Should the insurance company list the name of the contractor on the draft? The statute is actually not crystal clear. Tennessee Code Annotated TCA 56-7-111 provides:
Property or casualty insurance — General contractor as a payee
When insured property losses in excess of one thousand dollars ($ 1,000) accrue to the owners of dwellings or other structures insured under policies of property or casualty insurance as defined in § 56-2-201, the insurance company shall name the general contractor, as defined in § 62-6-102, of any uncompleted construction or building contract as a payee on the draft to the owner covering payment for the loss. The insurance company shall name the general contractor as payee on such draft pursuant to this section regardless of whether the work which was performed or is yet to be performed is less than twenty-five thousand dollars ($ 25,000).
Some have tried to argue that this does not require the naming of a restoration contractor on the draft. They argue it only applies when there is building going on at the date and time of loss. I do not think such a construction of the statute in its entirety is correct. We have recently had the opportunity to look at the legislative history of this statute, and I think it supports the proposition that contractors working on repairs must be named if the statute otherwise applies.
In 1974, the Tennessee House addressed the Bill, which had passed the Senate’s consent calendar without opposition. The House gave only brief consideration to the Bill also. But, what happened in that short period of time gives us a glimpse into the legislative intent behind the statute. During the introduction, Representative Bowman explained that this bill allowed general contractors to be placed as payee on a check so there is “no hold up with payment to the general contractor when he is repairing houses.”
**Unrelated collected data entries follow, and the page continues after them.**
(* Let $G$ be a finitely generated, torsion-free, $2$-step nilpotent group with Malcev basis $(A;C)=(a_1,\dots,a_n;c_1,\dots,c_m)$, $n\ge 2$. Assume $[a_i,a_j]\neq1$ for all $i\neq j$ and that $a_i$ is c-small for every $i=1,\dots,n$. Then the maximal ring of scalars of $G$ is isomorphic to $\mathbb{Z}$.
   Context: Commutators: $[g,h]=g^{-1}h^{-1}gh$. A Malcev basis is a pair $(A;C)$ with $C=\{c_1,\dots,c_m\}$ a basis of a free abelian subgroup with $G'\le\langle C\rangle\le Z(G)$ and $A=\{a_1,\dots,a_n\}$ such that $G/\langle C\rangle$ is free abelian with basis $\{a_i\langle C\rangle\}$. An element $g$ is c-small if its centralizer equals $\{g^t z\mid t\in\mathbb{Z},\ z\in Z(G)\}$. Rings are associative with identity. Let $f:G/Z(G)\times G/Z(G)\to G'$, $f(gZ(G),hZ(G))=[g,h]$. A commutative ring $R$ is a ring of scalars of $G$ if there are faithful actions of $R$ by endomorphisms on $M=G/Z(G)$ and $N=G'$ with $f(rx,y)=f(x,ry)=rf(x,y)$ for all $r\in R$, $x,y\in M$. Identifying each ring of scalars with its image in $\mathrm{End}(M)$, the maximal ring of scalars is the one containing all others. *)

From HB Require Import structures.
From mathcomp Require Import all_boot all_algebra.
From mathcomp Require monoid.

Set Implicit Arguments.
Unset Strict Implicit.
Unset Printing Implicit Defensive.

Import GRing.Theory.

Section GroupDefs.
Variable G : groupType.

Local Notation gmul := (@monoid.mul G).
Local Notation ginv := (@monoid.inv G).
Local Notation g1 := (@monoid.one G).

Definition zexpg (g : G) (k : int) : G :=
  match k with
  | Posz n => monoid.natexp g n
  | Negz n => ginv (monoid.natexp g n.+1)
  end.

(* commutator [g,h] = g^-1 h^-1 g h  (library's monoid.commg) *)
Local Notation comm := (@monoid.commg G).

Inductive gen (S : G -> Prop) : G -> Prop :=
  | gen_one : gen S g1
  | gen_base g : S g -> gen S g
  | gen_inv g : gen S g -> gen S (ginv g)
  | gen_mul g h : gen S g -> gen S h -> gen S (gmul g h).

Definition central (z : G) : Prop := forall g, gmul z g = gmul g z.

Definition derived : G -> Prop := gen (fun g => exists x y, g = comm x y).

Definition zprod (p : nat) (x : 'I_p -> G) (k : 'I_p -> int) : G :=
  foldr (fun j acc => gmul (zexpg (x j) (k j)) acc) g1 (enum 'I_p).

Definition span (p : nat) (x : 'I_p -> G) : G -> Prop :=
  gen (fun g => exists j, g = x j).

Definition finitely_generated : Prop :=
  exists (p : nat) (x : 'I_p -> G), forall g, span x g.

Definition torsion_free : Prop :=
  forall (g : G) (k : int), k <> 0%R -> zexpg g k = g1 -> g = g1.

(* nilpotent of class exactly 2: G' <= Z(G) and G is not abelian *)
Definition two_step_nilpotent : Prop :=
  (forall x y, central (comm x y)) /\ exists x y, comm x y <> g1.

Definition malcev_basis (n m : nat) (a : 'I_n -> G) (c : 'I_m -> G) : Prop :=
  [/\ (
      forall g h, span c g -> span c h -> gmul g h = gmul h g) /\
      (forall k : 'I_m -> int, zprod c k = g1 -> forall j, k j = 0%R),
      (forall g, derived g -> span c g),
      (forall g, span c g -> central g),
      (* G/<C> is free abelian with basis {a_i <C>} :
         generation ... *)
      (forall g, exists k : 'I_n -> int, span c (gmul (ginv (zprod a k)) g)) &
      (* ... and independence *)
      (forall k : 'I_n -> int, span c (zprod a k) -> forall i, k i = 0%R)].

Definition c_small (g : G) : Prop :=
  forall h, gmul h g = gmul g h <->
            exists (t : int) (z : G), central z /\ h = gmul (zexpg g t) z.

End GroupDefs.

(* A faithful action of the ring R on the abelian group V by endomorphisms,
   i.e. an injective unital ring morphism R -> End(V), written out. *)
Definition faithful_endo_action (R : comPzRingType) (V : zmodType)
    (act : R -> V -> V) : Prop :=
  [/\ (forall r x y, act r (x + y)%R = (act r x + act r y)%R),
      (forall x, act 1%R x = x),
      (forall r s x, act (r + s)%R x = (act r x + act s x)%R),
      (forall r s x, act (r * s)%R x = act r (act s x)) &
      (forall r s, (forall x, act r x = act s x) -> r = s)].

(* R (with actions actM on M = G/Z(G), actN on N = G') is a ring of scalars
   for the commutation map f : M x M -> N. *)
Definition ring_of_scalars (M N : zmodType) (f : M -> M -> N)
    (R : comPzRingType) (actM : R -> M -> M) (actN : R -> N -> N) : Prop :=
  [/\ faithful_endo_action actM, faithful_endo_action actN &
      forall r x y, f (actM r x) y = actN r (f x y) /\
                    f x (actM r y) = actN r (f x y)].

Definition quotient_by_center (G : groupType) (M : zmodType)
    (pi : G -> M) : Prop :=
  [/\ (forall g h, pi (monoid.mul g h) = (pi g + pi h)%R),
      (forall x, exists g, pi g = x) &
      (forall g, pi g = 0%R <-> central g)].

Definition presents_derived (G : groupType) (N : zmodType)
    (iota : N -> G) : Prop :=
  [/\ (forall x y, iota (x + y)%R = monoid.mul (iota x) (iota y)),
      injective iota &
      (forall g, derived g <-> exists x, iota x = g)].

From HB Require Import structures.
From mathcomp Require Import all_boot all_algebra.
From mathcomp Require Import monoid.

Set Implicit Arguments.
Unset Strict Implicit.
Unset Printing Implicit Defensive.

Import GRing.Theory.

(* A scalar r acts on M = G/Z(G) by an additive map phi with
   f (phi u) v = r f u v = f u (phi v), f the commutator form.  Then
   f (a_i, phi a_i) = r f (a_i, a_i) = 0, so a lift of phi a_i commutes with
   a_i and c-smallness gives phi a_i = t_i a_i.  Comparing
   f (phi a_i, a_j) = f (a_i, phi a_j) yields (t_i - t_j) f (a_i, a_j) = 0,
   hence t_i = t_j since G' is torsion-free and [a_i, a_j] <> 1.  As the a_i
   span M, phi is multiplication by one integer.  Conversely Z acts
   faithfully on M and G', which both contain elements of infinite order. *)

Section CentralCommutators.
Local Open Scope group_scope.
Variable G : groupType.
Hypothesis commg_central : forall x y : G, central [~ x, y].

Lemma commMg (x y z : G) : [~ x * y, z] = [~ x, z] * [~ y, z].
Proof.
apply: (@mulgI _ (z * (x * y))); rewrite -commgC.
move: (commgC x z) (commgC y z) (commg_central x z y).
move: [~ x, z] [~ y, z] => cxz cyz Ex Ey cxz_y.
by rewrite -mulgA Ey !mulgA Ex -(mulgA _ cxz) cxz_y !mulgA.
Qed.

Lemma commgM (x y z : G) : [~ x, y * z] = [~ x, y] * [~ x, z].
Proof. by rewrite -invgR commMg invgM !invgR; apply: commg_central. Qed.

End CentralCommutators.

Section IntegerMultiples.
Local Open Scope ring_scope.

Lemma additive0 (U V : zmodType) (h : U -> V) :
  {morph h : x y / x + y} -> h 0 = 0.
Proof. by move=> hD; apply: (addrI (h 0)); rewrite -hD !addr0. Qed.

Lemma additive_mulrz (U V : zmodType) (h : U -> V) :
  {morph h : x y / x + y} -> forall x k, h (x *~ k) = h x *~ k.
Proof.
move=> hD; have h0 := additive0 hD.
have hN x : h (- x) = - h x.
  by apply/eqP; rewrite -subr_eq0 opprK -hD addNr h0.
have hMn x n : h (x *+ n) = h x *+ n.
  by elim: n => [|n IHn]; rewrite ?mulr0n // !mulrS hD IHn.
by move=> x [n|n] /=; rewrite ?hN hMn.
Qed.

Variables (G : groupType) (V : zmodType).

Lemma morph1_eq0 (h : G -> V) : {morph h : x y / (x * y)%g >-> x + y} -> h 1%g = 0.
Proof. by move=> hM; apply: (addrI (h 1%g)); rewrite -hM mulg1 addr0. Qed.

Lemma morph_zexpg (h : G -> V) :
  {morph h : x y / (x * y)%g >-> x + y} ->
  forall g k, h (zexpg g k) = h g *~ k.
Proof.
move=> hM; have h1 := morph1_eq0 hM.
have hV g : h g^-1%g = - h g.
  by apply/eqP; rewrite -addr_eq0 -hM mulVg h1.
have hXn g n : h (g ^+ n)%g = h g *+ n.
  by elim: n => [|n IHn]; rewrite ?mulr0n // expgS mulrS hM IHn.
by move=> g [n|n] /=; rewrite ?hV hXn.
Qed.

Lemma zexpg_morph (h : V -> G) :
  {morph h : x y / x + y >-> (x * y)%g} ->
  forall v k, h (v *~ k) = zexpg (h v) k.
Proof.
move=> hD; have h0 : h 0 = 1%g.
  by apply: (@mulgI _ (h 0)); rewrite -hD addr0 mulg1.
have hN v : h (- v) = (h v)^-1%g.
  by symmetry; apply: mulg1_eq; rewrite -hD subrr.
have hMn v n : h (v *+ n) = (h v ^+ n)%g.
  by elim: n => [|n IHn]; rewrite ?mulr0n // mulrS hD IHn expgS.
by move=> v [n|n] /=; rewrite ?hN hMn.
Qed.

Lemma morph_zprod (h : G -> V) :
  {morph h : x y / (x * y)%g >-> x + y} ->
  forall n (a : 'I_n -> G) k, h (zprod a k) = \sum_i h (a i) *~ k i.
Proof.
move=> hM n a k; rewrite /zprod -big_enum /=.
elim: (enum _) => [|j s IHs] /=; last by rewrite big_cons hM IHs morph_zexpg.
by rewrite big_nil morph1_eq0.
Qed.

Lemma faithful_int_action (v : V) :
  (forall k, v *~ k = 0 -> k = 0) -> faithful_endo_action (fun k (u : V) => u *~ k).
Proof.
move=> v_free; split=> [k u w|u|k l u|k l u|k l eq_kl] /=.
- exact: mulrzDl.
- exact: mulr1z.
- exact: mulrzDr.
- by rewrite mulrC mulrzA.
- by apply/subr0_eq/v_free; rewrite mulrzBr eq_kl subrr.
Qed.

End IntegerMultiples.

Section ScalarsOfBiadditiveForm.
Local Open Scope ring_scope.
Variables (M N : zmodType) (f : M -> M -> N).
Hypothesis fDl : forall w, {morph f^~ w : u v / u + v}.
Hypothesis fDr : forall u, {morph f u : v w / v + w}.
Hypothesis f_alt : forall u, f u u = 0.
Hypothesis N_torsion_free : forall (v : N) (k : int), k != 0 -> v *~ k = 0 -> v = 0.
Variables (I : finType) (x : I -> M).
Hypothesis x_span : forall u, exists k : I -> int, u = \sum_i x i *~ k i.
Hypothesis x_centralizer : forall i u, f (x i) u = 0 -> exists t, u = x i *~ t.
Hypothesis x_noncommuting : forall i j, i != j -> f (x i) (x j) != 0.

Lemma formMzl u v k : f (u *~ k) v = f u v *~ k.
Proof. exact: (additive_mulrz (fDl v)). Qed.

Lemma formMzr u v k : f u (v *~ k) = f u v *~ k.
Proof. exact: (additive_mulrz (fDr u)). Qed.

Lemma form_mulrz_eq0 i j : i != j -> forall k, f (x i) (x j) *~ k = 0 -> k = 0.
Proof.
move=> ij k fk0; apply/eqP; apply: contraTT (x_noncommuting ij) => k0.
by rewrite negbK (N_torsion_free k0 fk0).
Qed.

Section CompatibleEndomorphisms.
Variables (phi : M -> M) (psi : N -> N).
Hypotheses (phiD : {morph phi : u v / u + v}) (psiD : {morph psi : u v / u + v}).
Hypothesis phi_compat :
  forall u v, f (phi u) v = psi (f u v) /\ f u (phi v) = psi (f u v).

Lemma compatible_scales_generator i : exists t, phi (x i) = x i *~ t.
Proof.
apply: x_centralizer.
by rewrite (phi_compat _ _).2 f_alt (additive0 psiD).
Qed.

Lemma compatible_scale_unique i j s t :
  i != j -> phi (x i) = x i *~ s -> phi (x j) = x j *~ t -> s = t.
Proof.
move=> ij phi_i phi_j; apply/subr0_eq/(form_mulrz_eq0 ij).
case: (phi_compat (x i) (x j)); rewrite phi_i phi_j formMzl formMzr => Es Et.
by rewrite mulrzBr Es Et subrr.
Qed.

Lemma compatible_is_mulrz : exists t, forall u, phi u = u *~ t.
Proof.
have [i0 _ | I0] := pickP (@predT I); last first.
  exists 0 => u; have [k ->] := x_span u.
  by rewrite big_pred0 // (additive0 phiD) mul0rz.
have [t phi_i0] := compatible_scales_generator i0.
have phi_x i : phi (x i) = x i *~ t.
  have [s phi_i] := compatible_scales_generator i.
  have [-> // | i_i0] := eqVneq i i0.
  by rewrite phi_i (compatible_scale_unique i_i0 phi_i phi_i0).
exists t => u; have [k ->] := x_span u.
rewrite (big_morph phi phiD (additive0 phiD)) mulrz_suml.
by apply: eq_bigr => i _; rewrite (additive_mulrz phiD) phi_x mulrzAC.
Qed.

End CompatibleEndomorphisms.

Lemma int_ring_of_scalars (i j : I) : i != j ->
  ring_of_scalars f (fun k (u : M) => u *~ k) (fun k (v : N) => v *~ k).
Proof.
move=> ij; split.
- apply: (@faithful_int_action _ (x i)) => k xk0.
  by apply: (form_mulrz_eq0 ij); rewrite -formMzl xk0 (additive0 (fDl _)).
- exact: (faithful_int_action (form_mulrz_eq0 ij)).
- by move=> k u v; rewrite formMzl formMzr.
Qed.

Lemma int_maximal_ring_of_scalars (i j : I) : i != j ->
  exists (actMZ : int -> M -> M) (actNZ : int -> N -> N),
    ring_of_scalars f actMZ actNZ /\
    forall (R : comPzRingType) (actM : R -> M -> M) (actN : R -> N -> N),
      ring_of_scalars f actM actN ->
      forall r : R, exists k : int, forall u : M, actM r u = actMZ k u.
Proof.
move=> ij; exists (fun k u => u *~ k), (fun k v => v *~ k).
split; first exact: int_ring_of_scalars ij.
move=> R actM actN [[phiD _ _ _ _] [psiD _ _ _ _] compat] r.
exact: (compatible_is_mulrz (phiD r) (psiD r) (compat r)).
Qed.

End ScalarsOfBiadditiveForm.

Section CommutatorForm.
Local Open Scope ring_scope.
Variables (G : groupType) (M N : zmodType).
Variables (pi : G -> M) (iota : N -> G) (f : M -> M -> N).
Hypothesis commg_central : forall x y : G, central [~ x, y]%g.
Hypothesis pi_quo : quotient_by_center pi.
Hypothesis iota_der : presents_derived iota.
Hypothesis f_commg : forall g h, iota (f (pi g) (pi h)) = [~ g, h]%g.

Lemma pi_surj u : exists g, pi g = u.
Proof. by case: pi_quo. Qed.

Lemma pi_zexpg g k : pi (zexpg g k) = pi g *~ k.
Proof. by case: pi_quo => piM _ _; apply: morph_zexpg. Qed.

Lemma iota_zexpg v k : iota (v *~ k) = zexpg (iota v) k.
Proof. by case: iota_der => iotaD _ _; apply: zexpg_morph. Qed.

Lemma iota_inj : injective iota.
Proof. by case: iota_der. Qed.

Lemma iota0 : iota 0 = 1%g.
Proof. by rewrite -(mulr0z 0) iota_zexpg. Qed.

Lemma form_eq0 g h : f (pi g) (pi h) = 0 <-> [~ g, h]%g = 1%g.
Proof.
split=> [fgh0 | gh1]; first by rewrite -f_commg fgh0 iota0.
by apply: iota_inj; rewrite f_commg iota0.
Qed.

Lemma form_addl w : {morph f^~ w : u v / u + v}.
Proof.
case: pi_quo => piM _ _ u v.
have [g <-] := pi_surj u; have [g' <-] := pi_surj v; have [h <-] := pi_surj w.
by apply: iota_inj; case: iota_der => iotaD _ _; rewrite -piM iotaD !f_commg commMg.
Qed.

Lemma form_addr u : {morph f u : v w / v + w}.
Proof.
case: pi_quo => piM _ _ v w.
have [g <-] := pi_surj u; have [h <-] := pi_surj v; have [h' <-] := pi_surj w.
by apply: iota_inj; case: iota_der => iotaD _ _; rewrite -piM iotaD !f_commg commgM.
Qed.

Lemma form_alt u : f u u = 0.
Proof. by have [g <-] := pi_surj u; apply/form_eq0/commgg. Qed.

Lemma derived_torsion_free :
  torsion_free G -> forall (v : N) (k : int), k != 0 -> v *~ k = 0 -> v = 0.
Proof.
move=> G_tf v k /eqP k0 vk0; apply: iota_inj; rewrite iota0.
by apply: (G_tf _ k k0); rewrite -iota_zexpg vk0 iota0.
Qed.

Lemma c_small_form_centralizer g :
  c_small g -> forall u, f (pi g) u = 0 -> exists t, u = pi g *~ t.
Proof.
move=> g_small u; have [h <-] := pi_surj u => /form_eq0 /eqP /commgP gh.
have [t [z [z_central ->]]] := (g_small h).1 (esym gh).
case: pi_quo => piM _ pi0; exists t.
by rewrite piM pi_zexpg ((pi0 z).2 z_central) addr0.
Qed.

Lemma malcev_span n m (a : 'I_n -> G) (c : 'I_m -> G) :
  malcev_basis a c -> forall u, exists k : 'I_n -> int, u = \sum_i pi (a i) *~ k i.
Proof.
case=> _ _ c_central a_gen _ u; have [g <-] := pi_surj u.
have [k ck] := a_gen g; exists k.
case: pi_quo => piM _ pi0.
rewrite -(morph_zprod piM) -[g](mulVKg (zprod a k)) piM.
by rewrite ((pi0 _).2 (c_central _ ck)) addr0.
Qed.

End CommutatorForm.

Theorem theorem3p3 (G : groupType) (n m : nat)
    (a : 'I_n -> G) (c : 'I_m -> G)
    (Hfg : finitely_generated G) (Htf : torsion_free G)
    (Hnil : two_step_nilpotent G)
    (HAC : malcev_basis a c) (Hn : 2 <= n)
    (Hcomm : forall i j : 'I_n, i <> j -> monoid.commg (a i) (a j) <> monoid.one)
    (Hsmall : forall i : 'I_n, c_small (a i))
    (M N : zmodType) (pi : G -> M) (iota : N -> G)
    (Hpi : quotient_by_center pi) (Hiota : presents_derived iota)
    (f : M -> M -> N)
    (Hf : forall g h : G, iota (f (pi g) (pi h)) = monoid.commg g h) :
  exists (actMZ : int -> M -> M) (actNZ : int -> N -> N),
    ring_of_scalars f actMZ actNZ /\
    forall (R : comPzRingType) (actM : R -> M -> M) (actN : R -> N -> N),
      ring_of_scalars f actM actN ->
      forall r : R, exists k : int, forall x : M, actM r x = actMZ k x.
Proof.
have [commg_central _] := Hnil.
pose i0 : 'I_n := Ordinal (ltnW Hn); pose i1 : 'I_n := Ordinal Hn.
apply: (int_maximal_ring_of_scalars (form_addl commg_central Hpi Hiota Hf)
  (form_addr commg_central Hpi Hiota Hf) (form_alt Hpi Hiota Hf)
  (derived_torsion_free Hiota Htf) (malcev_span Hpi HAC) _ _ (isT : i0 != i1)).
- by move=> i; apply: (c_small_form_centralizer Hpi Hiota Hf (Hsmall i)).
- by move=> i j /eqP ij; apply/eqP => /(form_eq0 Hiota Hf); apply: Hcomm.
Qed.
Theorem theorem1p3 (X : Type) (op : X -> X -> X)
  (op_assoc : forall a b c, op (op a b) c = op a (op b c)) :
  let P := @N2 X in
  let mul := up_mul op in
  ((sg_commutative P mul /\ sg_clifford P mul) <-> sg_inverse P mul) /\
  (sg_inverse P mul <->
     (idempotents_commute P mul /\ (sg_subclifford P mul \/ sg_regular P mul))) /\
  ((idempotents_commute P mul /\ (sg_subclifford P mul \/ sg_regular P mul)) <->
     (sg_iso op (Cn 2) Cmul \/ exists n : nat, sg_iso op (Ln n) minn)).
Proof.
  move=> P mul.
  (* on [N_2(X)] the product is given by [upprod], which is easier to compute *)
  have agree A B : P A -> P B -> mul A B = upprod op A B.
  { move=> NA NB. exact: up_mul_upprod op A B (N2_up_closed A NA) (N2_up_closed B NB). }
  have closed A B : P A -> P B -> P (upprod op A B) := @N2_upprod X op A B.
  rewrite (commutative_congr agree) (clifford_congr agree) (inverse_congr agree closed)
    (idempotents_commute_congr agree) (subclifford_congr agree) (regular_congr agree closed).
  have assoc := upprod_assoc op_assoc.
  have comm_clifford_inverse := inverse_of_comm_clifford P assoc closed.
  have inverse_idem_commute := idem_commute_of_inverse P assoc closed.
  have inverse_regular := regular_of_inverse P (mul := upprod op).
  have classify := classification op_assoc.
  have models_comm_clifford : sg_iso op (Cn 2) Cmul \/ (exists n, sg_iso op (Ln n) minn) ->
             sg_commutative P (upprod op) /\ sg_clifford P (upprod op).
  { move=> /(N2_of_models_comm_cube op_assoc) [comm cube].
    split; [exact: comm | exact: (clifford_of_cube P assoc closed cube)]. }
  tauto.
Qed.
Then, in 1998, the statute was amended to include the language that appears in the last sentence of the statute “regardless of whether the work which was performed or is yet to be performed is less than twenty-five thousand dollars.” This amendment was brought by Senator Carter, who explained that the Vice Mayor of Jackson (who was a contractor) was repairing property damage as part of an insurance claim, which was valued at less than $25,000. The general contractor was not listed as a payee on the check from the insurance company, and the property owner for whom the repairs were made filed bankruptcy, and the contractor was never paid. His purpose in the amendment was to clarify that a contractor who performed work totaling any amount (even less than $25,000) was entitled to be named as a payee on a check from the insurance company. As the story of Jackson’s Vice Mayor indicates he was repairing a house that had incurred damage, the legislators clearly felt he deserved to have been paid for his work.
Thus, while the statute is not crystal clear, this history is supportive of the primary interpretation given to the statute. I hope this clears things up for both sides of the argument.